President Barack Obama praised the agreement after the Senate’s vote.

“While neither Democrats nor Republicans got everything they wanted, this agreement is the right thing to do for our country and the House should pass it without delay,” Obama said in a statement. “This agreement will also grow the economy and shrink our deficits in a balanced way — by investing in our middle class, and by asking the wealthy to pay a little more.”

The sweeping Senate vote exceeded expectations — tea party conservatives like Pat Toomey, R-Pa., and Ron Johnson, R-Wis., backed the measure — and would appear to grease enactment of the measure despite lingering questions in the House, where conservative forces sank a recent bid by Boehner to permit tax rates on incomes exceeding $1 million to go back to Clinton-era levels.

“Decisions about whether the House will seek to accept or promptly amend the measure will not be made until House members — and the American people — have been able to review the legislation,” said a statement by Boehner and other top GOP leaders.

Lawmakers hope to resolve any uncertainty over the fiscal cliff before financial markets reopen Wednesday. It could take lots of Democratic votes to pass the measure and overcome opposition from tea party lawmakers.

Under the Senate deal, taxes would remain steady for the middle class but rise at incomes over $400,000 for individuals and $450,000 for couples — levels higher than President Barack Obama had campaigned for in his successful drive for a second term in office. Some liberal Democrats were disappointed that the White House did not stick to a harder line, while other Democrats sided with Republicans to force the White House to partially retreat on increases in taxes on multi-million-dollar estates.

The measure also allocates $24 billion in spending cuts and new revenues to defer, for two months, some $109 billion worth of automatic spending cuts that were set to slap the Pentagon and domestic programs starting this week. That would allow the White House and lawmakers time to regroup before plunging very quickly into a new round of budget brinkmanship, certain to revolve around Republican calls to rein in the cost of Medicare and other government benefit programs.

Officials also decided at the last minute to use the measure to prevent a $900 pay raise for lawmakers due to take effect this spring.

Even by the dysfunctional standards of government-by-gridlock, the activity at both ends of historic Pennsylvania Avenue was remarkable as the administration and lawmakers spent the final hours of 2012 haggling over long-festering differences.

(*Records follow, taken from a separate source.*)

(* Let $(X,\tau)$ be a $T_0$ space and $\mathcal{F}$ a directed family of nonempty finite subsets of $X$. If $x\in U\in\tau_{SI_2}(X)$ and $\bigcap_{F\in\mathcal{F}}\uparrow F\subseteq\uparrow x$, then $F\subseteq U$ for some $F\in\mathcal{F}$.
   Context: For a $T_0$ space $(X,\tau)$, the specialization order is $y\le x$ iff $y\in\operatorname{cl}(\{x\})$; all order notions refer to it. For $A\subseteq X$: $\uparrow A=\{x: a\le x \text{ for some } a\in A\}$, $A^{\uparrow}$ is the set of upper bounds of $A$, $A^{\downarrow}$ the set of lower bounds, and $A^{\delta}=(A^{\uparrow})^{\downarrow}$. A nonempty $E\subseteq X$ is irreducible if whenever $E\subseteq B\cup C$ with $B,C$ closed, then $E\subseteq B$ or $E\subseteq C$. A nonempty family $\mathcal{G}$ of subsets of $X$ is directed if for $G_1,G_2\in\mathcal{G}$ there is $G\in\mathcal{G}$ with $G\subseteq\uparrow G_1\cap\uparrow G_2$. A set $U\subseteq X$ is weakly irreducibly open if $U\in\tau$ and for every irreducible $E\subseteq X$, $E^{\delta}\cap U\neq\emptyset$ implies $E\cap U\neq\emptyset$; these form the topology $\tau_{SI_2}(X)$. *)

From HB Require Import structures.
From mathcomp Require Import all_boot all_order.
From mathcomp Require Import all_classical all_reals all_analysis.
Set Implicit Arguments. Unset Strict Implicit. Unset Printing Implicit Defensive.
Local Open Scope classical_set_scope.

Section SpecOrder.
Variable T : topologicalType.

(* specialization order: spec_le y x  <->  y <= x  <->  y \in cl {x} *)
Definition spec_le (y x : T) : Prop := closure [set x] y.

Definition upset (A : set T) : set T := [set x | exists2 a, A a & spec_le a x].
Definition ubounds (A : set T) : set T := [set x | forall a, A a -> spec_le a x].
Definition lbounds (A : set T) : set T := [set x | forall a, A a -> spec_le x a].
Definition delta (A : set T) : set T := lbounds (ubounds A).

Definition irreducible (E : set T) : Prop :=
  E !=set0 /\
  forall B C : set T, closed B -> closed C -> E `<=` B `|` C -> E `<=` B \/ E `<=` C.

Definition directed_family (G : set (set T)) : Prop :=
  G !=set0 /\
  forall G1 G2, G G1 -> G G2 -> exists2 G3, G G3 & G3 `<=` upset G1 `&` upset G2.

(* members of tau_{SI_2}(X) *)
Definition weakly_irreducibly_open (U : set T) : Prop :=
  open U /\
  forall E : set T, irreducible E -> delta E `&` U !=set0 -> E `&` U !=set0.

End SpecOrder.

(** If no member of [F] lies in [U], every member meets the closed set
    [~` U].  Since the members of [F] are finite, meeting every member of [F]
    survives intersections of chains of closed sets, so by Zorn's lemma there
    is a minimal closed [A] inside [~` U] meeting every member of [F].
    Directedness of [F] makes [A] irreducible, and every upper bound of [A]
    lies in each [upset G], hence above [x]; so [x] is in [delta A `&` U],
    and weak irreducible openness forces [A] to meet [U], a contradiction. *)

From HB Require Import structures.
From mathcomp Require Import all_boot all_order.
From mathcomp Require Import all_classical all_reals all_analysis.
Local Open Scope classical_set_scope.

Definition hits {T : Type} (F : set (set T)) (A : set T) : Prop :=
  forall G, F G -> G `&` A !=set0.

Lemma finite_subset_bigcup_chain {T : choiceType} {C : set (set T)} {G : set T} :
  finite_set G -> G !=set0 -> total_on C subset ->
  G `<=` \bigcup_(V in C) V -> exists2 V, C V & G `<=` V.
Proof.
move=> /finite_seqP[s ->] [g sg] totC sC.
have [V0 CV0 _] := sC g sg.
elim: s sC {g sg} => [|a s IHs] sC; first by exists V0.
have [V1 CV1 sV1] : exists2 V, C V & [set` s] `<=` V.
  by apply: IHs => y sy; apply: sC; rewrite /= in_cons sy orbT.
have [V2 CV2 V2a] := sC a (mem_head a s).
have aV2sV1 : [set` a :: s] `<=` V2 `|` V1.
  by move=> y /=; rewrite in_cons => /orP[/eqP->|/sV1]; [left|right].
have [V12|V21] := totC _ _ CV1 CV2.
- by exists V2 => // y /aV2sV1[|/V12].
- by exists V1 => // y /aV2sV1[/V21|].
Qed.

Section SpecializationOrder.
Context {T : topologicalType}.
Implicit Types (A B C D G : set T) (F : set (set T)).

Lemma closed_spec_le D (a b : T) : closed D -> D a -> spec_le b a -> D b.
Proof.
move=> cD Da ba; rewrite (closure_id D).1 //.
by apply: (closureS _ ba) => y ->.
Qed.

Lemma closed_meets_upset D G : closed D -> upset G `&` D !=set0 -> G `&` D !=set0.
Proof.
by move=> cD [y [[g Gg gy] Dy]]; exists g; split => //; apply: closed_spec_le gy.
Qed.

Lemma ubounds_sub_bigcap_upset {F A} : hits F A -> ubounds A `<=` \bigcap_(G in F) upset G.
Proof. by move=> hA u uA G FG; have [g [Gg Ag]] := hA G FG; exists g => //; apply: uA. Qed.

Lemma exists_minimal_closed_hitting {F C} :
  (forall G, F G -> finite_set G) -> closed C -> hits F C ->
  exists A, [/\ closed A, A `<=` C, hits F A &
    forall B, closed B -> hits F (A `&` B) -> A `<=` B].
Proof.
move=> finF cC hC.
pose P V := closed (C `&` ~` V) /\ hits F (C `&` ~` V).
have [V [[cA hA] maxV]] : exists V, P V /\ forall W, V `<` W -> ~ P W.
  apply: Zorn_bigcup => Ch ChP totCh; split.
    have -> : C `&` ~` (\bigcup_(V in Ch) V) = C `&` \bigcap_(V in Ch) (C `&` ~` V).
      rewrite setC_bigcup; apply/seteqP; split=> y [Cy Wy]; split=> // V ChV.
        by split => //; apply: Wy.
      by have [] := Wy V ChV.
    by apply: closedI => //; apply: closed_bigI => V ChV; exact: (ChP V ChV).1.
  move=> G FG; apply: contrapT => hGW.
  have GCW : G `&` C `<=` \bigcup_(V in Ch) V.
    by move=> y [Gy Cy]; apply: contrapT => Wy; apply: hGW; exists y.
  have [V ChV GCV] := finite_subset_bigcup_chain (finite_setIl C (finF G FG))
    (hC G FG) totCh GCW.
  by have [y [Gy [Cy /(_ (GCV y (conj Gy Cy)))]]] := (ChP V ChV).2 G FG.
exists (C `&` ~` V); split=> // B cB hAB.
have PVB : P (V `|` ~` B).
  by rewrite /P setCU setCK setIA; split => //; apply: closedI.
have VBV : V `|` ~` B `<=` V.
  by apply: contrapT => nVBV; apply: (maxV (V `|` ~` B)) => //; split => // y; left.
by move=> y [Cy nVy]; apply: contrapT => nBy; apply: nVy; apply: VBV; right.
Qed.

Lemma minimal_closed_hitting_irreducible {F A} :
  directed_family F -> closed A -> hits F A ->
  (forall B, closed B -> hits F (A `&` B) -> A `<=` B) -> irreducible A.
Proof.
move=> [[G0 FG0] dirF] cA hA minA; split.
  by have [a [_ Aa]] := hA G0 FG0; exists a.
move=> B C cB cC ABC; apply: contrapT => /not_orP[nAB nAC].
have missing D : closed D -> ~ A `<=` D -> exists2 G, F G & ~ (G `&` (A `&` D) !=set0).
  move=> cD nAD; apply: contrapT => hD; apply: nAD; apply: minA => // G FG.
  by apply: contrapT => nG; apply: hD; exists G.
have [G1 FG1 nG1] := missing B cB nAB.
have [G2 FG2 nG2] := missing C cC nAC.
have [G3 FG3 G3up] := dirF G1 G2 FG1 FG2.
have [a [G3a Aa]] := hA G3 FG3.
have [up1 up2] := G3up a G3a.
case: (ABC a Aa) => [Ba|Ca].
- by apply/nG1/closed_meets_upset; [apply: closedI|exists a].
- by apply/nG2/closed_meets_upset; [apply: closedI|exists a].
Qed.

End SpecializationOrder.

(* [hT0] is unused: the argument only needs the specialization preorder. *)
Theorem proposition4p1 (T : topologicalType) (hT0 : kolmogorov_space T)
    (F : set (set T)) (x : T) (U : set T) :
  directed_family F ->
  (forall G, F G -> G !=set0 /\ finite_set G) ->
  U x -> weakly_irreducibly_open U ->
  \bigcap_(G in F) upset G `<=` upset [set x] ->
  exists2 G, F G & G `<=` U.
Proof.
move=> dirF finF Ux [oU wU] capF; apply: contrapT => noG.
have hitsCU : hits F (~` U).
  move=> G FG; apply: contrapT => nG; apply: noG; exists G => // g Gg.
  by apply: contrapT => nUg; apply: nG; exists g.
have [A [cA AU hA minA]] := exists_minimal_closed_hitting
  (fun G FG => (finF G FG).2) (open_closedC oU) hitsCU.
have irrA := minimal_closed_hitting_irreducible dirF cA hA minA.
have deltaAx : delta A x.
  by move=> u /(ubounds_sub_bigcap_upset hA)/capF[_ -> ].
have [y [Ay Uy]] : A `&` U !=set0 by apply: wU => //; exists x.
exact: AU y Ay Uy.
Qed.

Republicans said McConnell and Biden had struck an agreement Sunday night but that Democrats pulled back Monday morning. Democrats like Tom Harkin of Iowa said the agreement was too generous to upper-bracket earners. Obama’s long-standing position was to push the top tax rate on family income exceeding $250,000 from 35 percent to 39 percent.

“No deal is better than a bad deal. And this looks like a very bad deal,” said Harkin.

The measure would raise the top tax rate on large estates to 40 percent, with a $5 million exemption on estates inherited from individuals and a $10 million exemption on family estates. At the insistence of Republicans and some Democrats, the exemption levels would be indexed for inflation.

Taxes on capital gains and dividends over $400,000 for individuals and $450,000 for couples would be taxed at 20 percent, up from 15 percent.

The bill would also extend jobless benefits for the long-term unemployed for an additional year at a cost of $30 billion, and would spend $31 billion to prevent a 27 percent cut in Medicare payments to doctors.